The Frenetic Metamorphosis of a City
Reviewed:
by Victor Serge
Translated by Richard Greeman
NYRB Classics, 224 pp., $18.95 (paper)
Publication Date: 1/11/11
Known then as Petrograd, St. Petersburg is not merely the setting of Victor Serge’s revolutionary novel Conquered City, but a symbol of conquest and ceaseless cultural upheaval itself. Calling upon the city’s hopeful origins and casting his gaze into its shadowy depths, Serge blends fiction with his firsthand accounts of a city in the throes of fiery transformation. Rooted in a polyphonic narrative that’s complemented by evocative prose, Conquered City personifies the tumult and instability of an entire city.

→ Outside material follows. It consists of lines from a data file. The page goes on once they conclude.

Lemma trivg_HK : H :&: K = 1.
Proof.
apply/trivgP/subsetP => _ /setIP[/memH[l l_neq0 ->] /memK[a [c]]].
move/(congr1 GLval); rewrite val_gPsi // val_gPhi => /matrixP/(_ (inord 1) (inord 1)).
by rewrite !mxE !inordK //= eqxx => ->; rewrite gPsi1 set11.
Qed.

Section CoprimeExponent.
Hypotheses (e_gt0 : (0 < e)%N) (q0_ltF : (q0 < #|F|)%N).
Hypothesis coprime_q0S : coprime q0.+1 #|F|.-1.

Lemma exists_nonfixed : exists b : F, (b - b ^+ q0 != 0)%R.
Proof.
have p_gt1 := prime_gt1 (pcharf_prime charFp).
have [b nfix_b] : exists b : F, (b ^+ q0 != b)%R.
  by apply: exists_expf_neq; rewrite q0_ltF andbT -{1}(expn0 p) ltn_exp2l.
by exists b; rewrite subr_eq0 eq_sym.
Qed.

Lemma center_K : 'Z(K) = Kz.
Proof.
apply/eqP; rewrite eqEsubset Kz_sub_center andbT.
apply/subsetP => _ /centerP[/memK[a [c ->]] cKx].
have comm_a b : (a ^+ q0 * b - b ^+ q0 * a = 0)%R.
  have /commgP := cKx _ (gPhi_K b 0%R).
  by rewrite commg_gPhi -gPhi0 => /eqP/gPhi_inj[].
have fix_a : (a ^+ q0 = a)%R.
  by apply/eqP; rewrite -subr_eq0 -(comm_a 1%R) expr1n mulr1 mul1r.
have [b nfix_b] := exists_nonfixed.
have : (a * (b - b ^+ q0) = 0)%R by rewrite -(comm_a b) fix_a; ring.
by move/eqP; rewrite mulf_eq0 (negbTE nfix_b) orbF => /eqP->; apply: gPhi_Kz.
Qed.

(* At (a, b) = (l, l b) the commutator parameter is l^(q0+1) (b - b^q0), and
   l |-> l^(q0+1) maps onto the nonzero elements of F. *)
Lemma commg_gPhi_onto c : (c != 0)%R -> exists a b,
  [/\ (a != 0)%R, (b != 0)%R & forall x y, [~ gPhi a x, gPhi b y] = gPhi 0%R c].
Proof.
move=> c_neq0; have [b nfix_b] := exists_nonfixed.
have b_neq0 : (b != 0)%R.
  by apply: contraNneq nfix_b => ->; rewrite expr0n eqn0Ngt q0_gt0 subrr.
have cb_neq0 : (c / (b - b ^+ q0) != 0)%R by rewrite mulf_neq0 ?invr_eq0.
have [l l_neq0 def_l] := expf_coprime_onto coprime_q0S cb_neq0.
exists l, (l * b)%R; split=> [||x y]; rewrite ?mulf_neq0 // commg_gPhi; congr gPhi.
by rewrite -[c](divfK nfix_b) -def_l exprS exprMn; ring.
Qed.
Lemma trmx_incidence_PTDF : C^T *m V = 1%:M - n%:R^-1 *: const_mx 1.
Proof.
have [LXL _ LXsym _] := is_pinv_pinv (C^T *m C).
have Lsym : (C^T *m C)^T = C^T *m C by rewrite trmx_mul trmxK.
set E := 1%:M - C^T *m V.
have LXE : C^T *m V = 1%:M - E by rewrite opprB addrC subrK.
have Esym : E^T = E by rewrite /E /PTDF /= mulmxA linearB /= LXsym trmx1.
have LE0 : C^T *m C *m E = 0.
  rewrite -Lsym -Esym -trmx_mul /E /PTDF /= mulmxA.
  by rewrite mulmxBl mul1mx LXL subrr trmx0.
have Eones : E *m ones = ones.
  by rewrite /E mulmxBl mul1mx -mulmxA PTDF_mul_ones mulmx0 subr0.
clearbody E.
(* E is symmetric and killed by the Laplacian of a connected graph. *)
have Econst i j i' j' : E i j = E i' j'.
  have Ecol := laplacian_ker_const _ LE0.
  have /matrixP Esym' := Esym.
  by rewrite (Ecol i i' j) -[LHS]Esym' mxE (Ecol j j' i') -[LHS]Esym' mxE.
rewrite LXE; congr (_ - _); apply/matrixP => i j.
have /matrixP/(_ i 0) := Eones; rewrite !mxE => sumE.
have n_pos : 0 < n%:R :> R by rewrite ltr0n; apply: leq_ltn_trans (ltn_ord i).
rewrite mulr1; apply: (mulfI (lt0r_neq0 n_pos)); rewrite mulfV ?lt0r_neq0 //.
rewrite -[RHS]sumE (eq_bigr (fun=> E i j)) ?sumr_const ?card_ord ?mulr_natl //.
by move=> k _; rewrite mxE mulr1 (Econst i k i j).
Qed.

Lemma PTDF_mean0K (x : 'cV[R]_n) : \sum_i x i 0 = 0 -> C^T *m (V *m x) = x.
Proof.
move=> sum0; rewrite mulmxA trmx_incidence_PTDF mulmxBl mul1mx.
apply/eqP; rewrite subr_eq addrC -subr_eq subrr eq_sym; apply/eqP/matrixP => i j.
rewrite ord1 !mxE -[RHS](mulr0 n%:R^-1) -[in RHS]sum0 mulr_sumr.
by apply: eq_bigr => k _; rewrite !mxE mulr1.
Qed.

Lemma PTDF_delta_in_le0 a k : dst k = a -> (V *m (delta_mx a 0 : 'cV[R]_n)) k 0 <= 0.
Proof.
move=> dst_k; set p := pinv (C^T *m C) *m (delta_mx a 0 : 'cV[R]_n).
have Cp : C *m p = V *m delta_mx a 0 by rewrite /p mulmxA.
have Lp j : (C^T *m (C *m p)) j 0 = (j == a)%:R - n%:R^-1.
  by rewrite Cp mulmxA trmx_incidence_PTDF -colE !mxE mulr1.
(* Off a, L p = -1/n < 0, which is impossible at a maximum of p. *)
have [j _ pmax] := @arg_maxP _ _ _ a xpredT (fun j => p j 0) isT.
suff ja : j = a by rewrite -Cp incidence_mulE dst_k -ja subr_le0; apply: pmax.
apply/eqP; apply: contraT => ja.
have : 0 <= (C^T *m (C *m p)) j 0.
  rewrite mxE sumr_ge0 // => e _; rewrite trmx_incidenceE incidence_mulE.
  move: (pmax (src e) isT) (pmax (dst e) isT).
  by case: eqVneq => [<-|_]; case: eqVneq => [<-|_]; rewrite ?eqxx /=; lra.
by rewrite Lp (negbTE ja) sub0r oppr_ge0 invr_le0 leNgt ltr0n (leq_ltn_trans _ (ltn_ord a)).
Qed.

The novel primarily follows Parfenov, a young revolutionary who begins by extolling Peter the Great’s vision of transforming the drab marshlands into a modern metropolis. His idealizations draw clear parallels to the current aspirations of the Bolsheviks, who have assumed control following the February Revolution. He optimistically remarks: “How happy men will be in a hundred years! Sometimes it makes me dizzy to think of it. In fifty years, in twenty years, maybe in ten years... yes! Give us ten years and you'll see! The cold, the night, everything...everything will be conquered.”Parfenov and his fellow Bolshevik, Professor Lyatev, coddle themselves with hopeless illusions throughout the story, while other loyal comrades, like Ksenia, reassure themselves of their commitment to fight until the very end: “Very well, I’ll perish, I’m ready.”

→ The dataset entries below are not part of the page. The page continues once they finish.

Lemma tri_lift_energy f :
  \sum_b f b * tri_lift f b =
  2/3 * \sum_x tri_push f x * potential e (tri_push f) x + 1/2 * \sum_(A : E) f (inr A) ^+ 2.
Proof.
set Y := fun x => 2/3 * potential e (tri_push f) x.
have push_side : 2/3 * \sum_x tri_push f x * potential e (tri_push f) x
                 = \sum_b f b * \sum_x p b x * Y x.
  transitivity (\sum_x \sum_b f b * p b x * Y x).
    rewrite mulr_sumr; apply: eq_bigr => x _.
    by rewrite /tri_push mulrCA mulr_suml.
  rewrite exchange_big; apply: eq_bigr => b _.
  by rewrite mulr_sumr; apply: eq_bigr => x _; rewrite mulrA.
rewrite push_side !big_sumType /= -addrA; congr (_ + _).
  by apply: eq_bigr => v _; rewrite (eq_bigr (fun x => (x == v)%:R * Y x)) ?sum_indicator_mul.
by rewrite mulr_sumr -big_split; apply: eq_bigr => A _ /=; ring.
Qed.

Lemma tri_resistance s t :
  resistance (tri_rel e) R s t =
  - (1/3) * \sum_i \sum_j (p s i - p t i) * (p s j - p t j) * resistance e R i j
  + 1/2 * \sum_(A : E) ((inr A == s)%:R - (inr A == t)%:R) ^+ 2.
Proof.
pose f b : R := (b == s)%:R - (b == t)%:R.
have f0 : \sum_b f b = 0 by rewrite sumrB !sum_indicator subrr.
have pushE x : tri_push f x = p s x - p t x.
  by rewrite /tri_push; under eq_bigr do rewrite mulrBl; rewrite sumrB !sum_indicator_mul.
have g0 : \sum_x tri_push f x = 0 by rewrite tri_push_sum.
rewrite (resistance_potential (tri_sym) (tri_irr) (laplacian_tri_lift f0)).
have -> : tri_lift f s - tri_lift f t = \sum_b f b * tri_lift f b.
  by under eq_bigr do rewrite mulrBl; rewrite sumrB !sum_indicator_mul.
have -> : \sum_i \sum_j (p s i - p t i) * (p s j - p t j) * resistance e R i j
          = - 2 * \sum_x tri_push f x * potential e (tri_push f) x.
  rewrite -resistance_quadratic //; apply: eq_bigr => i _; apply: eq_bigr => j _.
  by rewrite !pushE.
by rewrite tri_lift_energy /f; field.
Qed.

Lemma sum_tri_proj i : \sum_s p s i = 1 + (deg e i)%:R / 2.
Proof.
rewrite big_sumType /= (eq_bigr (fun w => (w == i)%:R)); last by move=> w _; rewrite eq_sym.
rewrite sum_indicator -mulr_suml natr_deg -(sum_edges_at _ (fun _ => 1)) /=.
congr (_ + _ / _); rewrite [RHS]big_mkcond.
by apply: eq_bigr => A _; case: (i \in val A).
Qed.

Lemma sum_tri_proj_mul i j : i != j -> \sum_s p s i * p s j = (e i j)%:R / 4.
Proof.
move=> ij; rewrite big_sumType /= big1 ?add0r; last first.
  by move=> w _; case: (eqVneq i w) => [<-|_]; rewrite ?mul0r // eq_sym (negPf ij) mulr0.
rewrite (eq_bigr (fun A : E => if i \in val A then (j \in val A)%:R / 4 else 0)); last first.
  by move=> [B eB] _ /=; case: (i \in B); rewrite ?mul0r //= mulr1n; field.
rewrite -big_mkcond (sum_edges_at _ (fun B => (j \in B)%:R / 4)) big_mkcond.
rewrite (eq_bigr (fun u => (u == j)%:R * ((e i u)%:R / 4))) ?sum_indicator_mul //.
move=> u _; rewrite in_set2 eq_sym (negPf ij) /= eq_sym.
by case: (e i u); case: (u == j); rewrite /= ?mul1r ?mul0r ?mulr1 ?mul0r.
Qed.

Serge, a Marxist revolutionary himself, dispels any ideological sympathy by casting a blinding light on the hypocrisy and misery that engulf the city: “We have conquered everything and everything has slipped out of our grasp. We have conquered bread, and there is famine. We have declared peace to a war-weary world, and war has moved into every house.” Throughout the work, Serge’s economical prose fuses dramatic imagery with persuasive argument. One of the most compelling scenes depicts a workers' protest at a factory, where they demand bread and vehemently reject empty rhetoric. Despite their collective outrage at the conditions, they remain voiceless and powerless: “A thousand men and not one voice! So much suffering, so much revolt and not one voice!” The uproar is ultimately quelled by Antonov, a smooth-talking demagogue who promises incoming boxcars of food and warns that resistance will only delay their salvation.

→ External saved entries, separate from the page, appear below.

Lemma mTminus_phi2T (Q : trip F) : mTminus q (phi q (phi q (T F))) Q <->
  exists x y, [/\ x != 0, normq x != normq y & peq (x, y, 0) Q].
Proof.
rewrite phi2T; split=> [|[x [y [x0 Nxy [_ [_ [c [c0 eQ]]]]]]]].
  case: Q => [[u v] w] [nzQ [+ [nS1 nX]]]; rewrite /mT incidE !mul0r !add0r mul1r => w0.
  subst w; have /nz3E := nzQ; rewrite eqxx orbF => uv.
  have u0 : u != 0.
    by apply/eqP => u0; apply: nX; apply: peq_mT => //; rewrite ?oner_neq0 ?orbT // u0 mulr0 mul0r.
  have Nuv : normq u != normq v by apply/eqP => /(S1_mT uv).
  by exists u, v; split=> //; apply: peq_refl.
have cx0 : c * x != 0 by rewrite mulf_neq0.
have cxy : (c * x != 0) || (c * y != 0) by rewrite cx0.
have Nc : normq c != 0 by rewrite normq_eq0.
subst Q; rewrite smulE mulr0; split; first by apply/nz3E; rewrite cxy.
split; first by rewrite /mT incidE; ring.
split; last by move/peq_mT_cross/eqP; rewrite mulr0 mulr1 (negbTE cx0).
by move/(S1_mT cxy); rewrite !normqM => /(mulfI Nc)/eqP; rewrite (negbTE Nxy).
Qed.

End CubicExtension.

Theorem theorem6p3 (F : finFieldType) (p k : nat) :
  prime p -> (0 < k)%N -> #|F| = ((p ^ k) ^ 3)%N ->
  let q := (p ^ k)%N in
  (forall Q : trip F,
     PrFigMinusT q (phi q (T F)) Q <-> mTminus q (phi q (T F)) Q) /\
  (forall Q : trip F,
     PrFigMinusT q (phi q (phi q (T F))) Q <->
     mTminus q (phi q (phi q (T F))) Q).
Proof.
move=> p_pr _ card_F q.
have pchar_p : p \in [pchar F] by apply: (@card_finPcharP F p (k * 3)); rewrite // expnM.
have q_pchar : [pchar F].-nat q by rewrite pnatX (pnatE _ p_pr) pchar_p.
split=> Q.
  exact: iff_trans (PrFig_phiT q_pchar card_F Q) (iff_sym (mTminus_phiT q_pchar card_F Q)).
exact: iff_trans (PrFig_phi2T q_pchar card_F Q) (iff_sym (mTminus_phi2T q_pchar card_F Q)).
Qed.
Lemma continuous_zX i j : continuous (fun z => zX z i j).
Proof.
rewrite (_ : (fun z => _) = fun z => \sum_t zw z t * zY z t i j).
  apply: continuous_sum_ptws => t.
  by apply: continuousM_ptws; [apply: continuous_coord | apply: continuous_zY].
by apply/funext => z; rewrite summxE; apply: eq_bigr => t _; rewrite mxE.
Qed.

Lemma continuous_sqnorm_residual :
  continuous (fun z => sqnorm (residual (zX z) (zZ z) (zs z))).
Proof.
apply: continuous_sum_ptws => k.
have cont_r : continuous (fun z => residual (zX z) (zZ z) (zs z) k).
  case: k => [[l|[i j]]|[]] /=; apply: continuousB_ptws.
  - exact/continuous_inner_ptws/continuous_zX.
  - exact: continuous_cst_ptws.
  - exact: continuous_zX.
  - exact: continuous_zZ.
  - exact/continuous_inner_ptws/continuous_zX.
  - exact: continuous_coord.
rewrite (_ : (fun z => _) = fun z => residual (zX z) (zZ z) (zs z) k *
                                     residual (zX z) (zZ z) (zs z) k).
  exact: continuousM_ptws.
by apply/funext => z; rewrite expr2.
Qed.

Lemma closed_enc_box lo MZ : closed (enc_box lo MZ).
Proof.
apply: closedI.
  apply: closed_forall => t; apply: closed_lefun; first exact: continuous_cst_ptws.
  exact: continuous_coord.
apply: closedI.
  apply: closed_eqfun; last exact: continuous_cst_ptws.
  by apply: continuous_sum_ptws => t; apply: continuous_coord.
apply: closedI.
  by apply: closed_forall => t; apply: closed_Pset_ptws; apply: continuous_zY.
apply: closedI; first by apply: closed_psd_ptws; apply: continuous_zZ.
apply: closedI.
  by apply: closed_lefun; [apply: continuous_cst_ptws | apply: continuous_coord].
apply: closedI.
  by apply: closed_lefun; [apply: continuous_coord | apply: continuous_cst_ptws].
apply: closedI; apply: closed_forall => i; apply: closed_forall => j.
  by apply: closed_lefun; [apply: continuous_cst_ptws | apply: continuous_zZ].
by apply: closed_lefun; [apply: continuous_zZ | apply: continuous_cst_ptws].
Qed.

Lemma enc_box_admissible lo MZ z :
  enc_box lo MZ z -> admissible (zX z) (zZ z) (zs z).
Proof.
by case=> w0 [w1 [PY [pZ [_ [sa _]]]]]; split=> //; exists N, (zw z), (zY z).
Qed.

Lemma enc_box_bounded lo MZ M : (forall Y, P Y -> forall i j, `|Y i j| <= M) ->
  forall z, enc_box lo MZ z -> forall k, `|z k| <= 1 + `|M| + `|MZ| + `|lo| + `|a|.
Proof.
move=> PM z [w0 [w1 [PY [_ [slo [sa [Zlo Zhi]]]]]]] k.
have := normr_ge0 M; have := normr_ge0 MZ; have := normr_ge0 lo; have := normr_ge0 a.
have /andP[lo1 lo2] : - `|lo| <= lo <= `|lo| by rewrite -ler_norml.
have /andP[a1 a2] : - `|a| <= a <= `|a| by rewrite -ler_norml.
case: k => [[t|[t [i j]]]|[[i j]|[]]] => *.
- have : zw z t <= 1 by rewrite -w1 (bigD1 t) //= lerDl sumr_ge0.
  by have := w0 t; rewrite /zw => *; rewrite ger0_norm //; lra.
- by have := PM _ (PY t) i j; rewrite mxE; have := ler_norm M; lra.
- have : `|z (inr (inl (i, j)))| <= MZ.
    by rewrite ler_norml; have := Zlo i j; have := Zhi i j; rewrite !mxE => -> ->.
  by have := ler_norm MZ; lra.
- have : `|zs z| <= `|lo| + `|a| by rewrite ler_norml; apply/andP; split; lra.
  by rewrite /zs; lra.
Qed.

Lemma enc_box_of_admissible lo MZ X Z s : admissible X Z s -> lo <= s ->
  (forall i j, `|Z i j| <= MZ) ->
  exists2 z, enc_box lo MZ z & [/\ zX z = X, zZ z = Z & zs z = s].
Proof.
move=> [/caratheodory[w [Y [w0 w1 PY eX]]] pZ sa] slo ZM.
pose z : Tenc := fun k => match k with
  | inl (inl t) => w t
  | inl (inr (t, (i, j))) => Y t i j
  | inr (inl (i, j)) => Z i j
  | inr (inr _) => s
  end.
have eY t : zY z t = Y t by apply/matrixP => i j; rewrite mxE.
have eZ : zZ z = Z by apply/matrixP => i j; rewrite mxE.
exists z; last by split=> //; rewrite eX; apply: eq_bigr => t _; rewrite eY.
rewrite /enc_box /= eZ; do 3 split=> //; first by move=> t; rewrite eY.
by do 4 split=> //; move=> i j; have := ZM i j; rewrite ler_norml => /andP[].
Qed.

At times, the work can feel slightly disconnected due to its fragmented composition, but his lyrical, vivid language pulls readers' hearts deep into the story. Serge’s ability to penetrate the heart of the conflict and draw upon the architecture of the city is simply superb: “They didn't topple the tall silhouette of Empress Catherine in court dress holding the scepter; but some idiot had scaled the bronze figures and attached a red rag on the scepter—a red rag which was now blackened to the color of old blood, the true color of their red.” Terror across the city continues through accounts of brutal executions by the White Army and the ambitions of Zvereva, who is willing to add any name to the Party’s list of enemies.
Conquered City remains a neglected, harrowing novel that blends Serge's personal account with fictionalized narratives of a city in turmoil. Empires collapse, cities crumble, and the flames of revolution continue to burn, turning the old world to ashes in order to bring about a new, idealized world in the name of the faceless collective. But, as Serge predicts and history has shown, the new world is often far bleaker than promised, and the ideology turns out to “love men too much, men and things, and Man too little.”